There are no “traditional” languages in the Eastern Churches for the most part. Our Liturgies have always been in the vernacular. The focus on a “traditional” language could be called a “neo-latinization”.
Actually, Church Slavonic never was the vernacular. It was a particular hybrid slavic tongue, which, by its liturgical use, kept the slavic languages very close to each other. They all seem to orbit around Church Slavonic, rather than simply diverging. The various Slavic-Byzantine churches really only adopted the vernacular in the 19th or 20th Century. But Church Slavonic versus Ukrainian is equivalent to 1600’s English vs Modern. Intelligible, with some differences.
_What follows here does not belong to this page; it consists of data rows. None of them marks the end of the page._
(* Let $\mathcal G'_3$, $\tau$, $\mathcal G'_6$ and $\mathcal B$ be as in the context. There is a first-order sentence $\psi$ in the signature $\Gamma_6\cup\{<\}$ which is $(\mathcal G'_6,\mathcal B)$-invariant and such that for every $(G,x,y,z)\in\mathcal G'_3$: if $x,y,z$ lie in one connected component and $d(x,y)=d(x,z)$, then $G^\tau\models(\mathfrak B<)\psi$; if $x,y,z$ do not all lie in one connected component, or $|d(x,y)-d(x,z)|\ge 2$, then $G^\tau\models\neg(\mathfrak B<)\psi$.
   Context: Graphs are finite and undirected; $d$ denotes graph distance. A linear order $<$ of the vertex set of a graph, listing vertices $v_1<\dots<v_n$, is a breadth-first traversal (BFT) if for each $i\ge2$, whenever some $v_j$ with $j<i$ has a neighbour outside $\{v_1,\dots,v_{i-1}\}$, $v_i$ is adjacent to $v_{j^*}$ for the least such $j^*$ (i.e. $<$ is a visiting order of breadth-first search). Equivalently: for all $u<v<w$, $uEw$ implies some $x<v$ with $x\le u$ has $xEv$. $\Gamma_n$ is the signature with a binary relation symbol $E$ and $n$ constant symbols; an $n$-pointed graph is a graph with $n$ distinguished vertices. $\mathcal G'_3$ is the family of finite 3-pointed graphs $(G,x,y,z)$ such that, if $x,y,z$ lie in the same connected component, then $|d(x,y)-d(x,z)|\neq 1$. For a 3-pointed graph $(G,x,y,z)$, $G^\tau$ is the 6-pointed graph obtained from two disjoint copies $G_1,G_2$ of $G$ (each with edges inherited from $G$) by adding a single edge between $x_1$ and $x_2$, where $x_i,y_i,z_i$ denote the copies of $x,y,z$ in $G_i$; its constants are $x_1,y_1,z_1,x_2,y_2,z_2$ (this is given by a 2-dimensional quantifier-free interpretation $\tau:\Gamma_6\to\Gamma_3$). $\mathcal G'_6=\{G^\tau: G\in\mathcal G'_3\}$, and $\mathcal B$ is the family of all expansions $(H,<)$ with $H\in\mathcal G'_6$ and $<$ a BFT of $H$. A $\Gamma_6\cup\{<\}$-sentence $\psi$ is $(\mathcal G'_6,\mathcal B)$-invariant if $(H,<)\models\psi\iff(H',<')\models\psi$ for all $(H,<),(H',<')\in\mathcal B$ with $H\cong H'$. For such $\psi$ and $H\in\mathcal G'_6$, $H\models(\mathfrak B<)\psi$ means $(H,<)\models\psi$ for some (equivalently every) BFT $<$ of $H$. *)

From mathcomp Require Import all_boot.
Set Implicit Arguments.
Unset Strict Implicit.
Unset Printing Implicit Defensive.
Likewise, the Greek Churches use Koine, not modern, Greek, albeit with modern pronunciation. Again, intelligibility is comparable to 1600’s vs modern English… again, because the liturgical use informed the common use and restricted drift of the language to an orbit of the liturgical tongue.
Note also: the use of English in the Ruthenian church in the US predates V II by 5 years.
@ByzCath:
the arguments over the inclusive language are interesting, but not a VII inspired Neo-latinization; more an Americanization.
The “dropping” of the litanies? well… looking through the new Melkite DL book… they are present in the Ruthenian Revised, tho’ one is reduced to a single petition, and the other optionally may be reduced to a single petition.
And the anaphora in Ukrainian and Ruthenian use was spoken by many priests, spoken aloud. Before the new books. Back around 1990, when we still had the filioque inserted in the English. A few even chanted it. I’ve seen documentary evidence that they were spoken in normal voice in the 50’s, not sotto voce as the Latin rite does.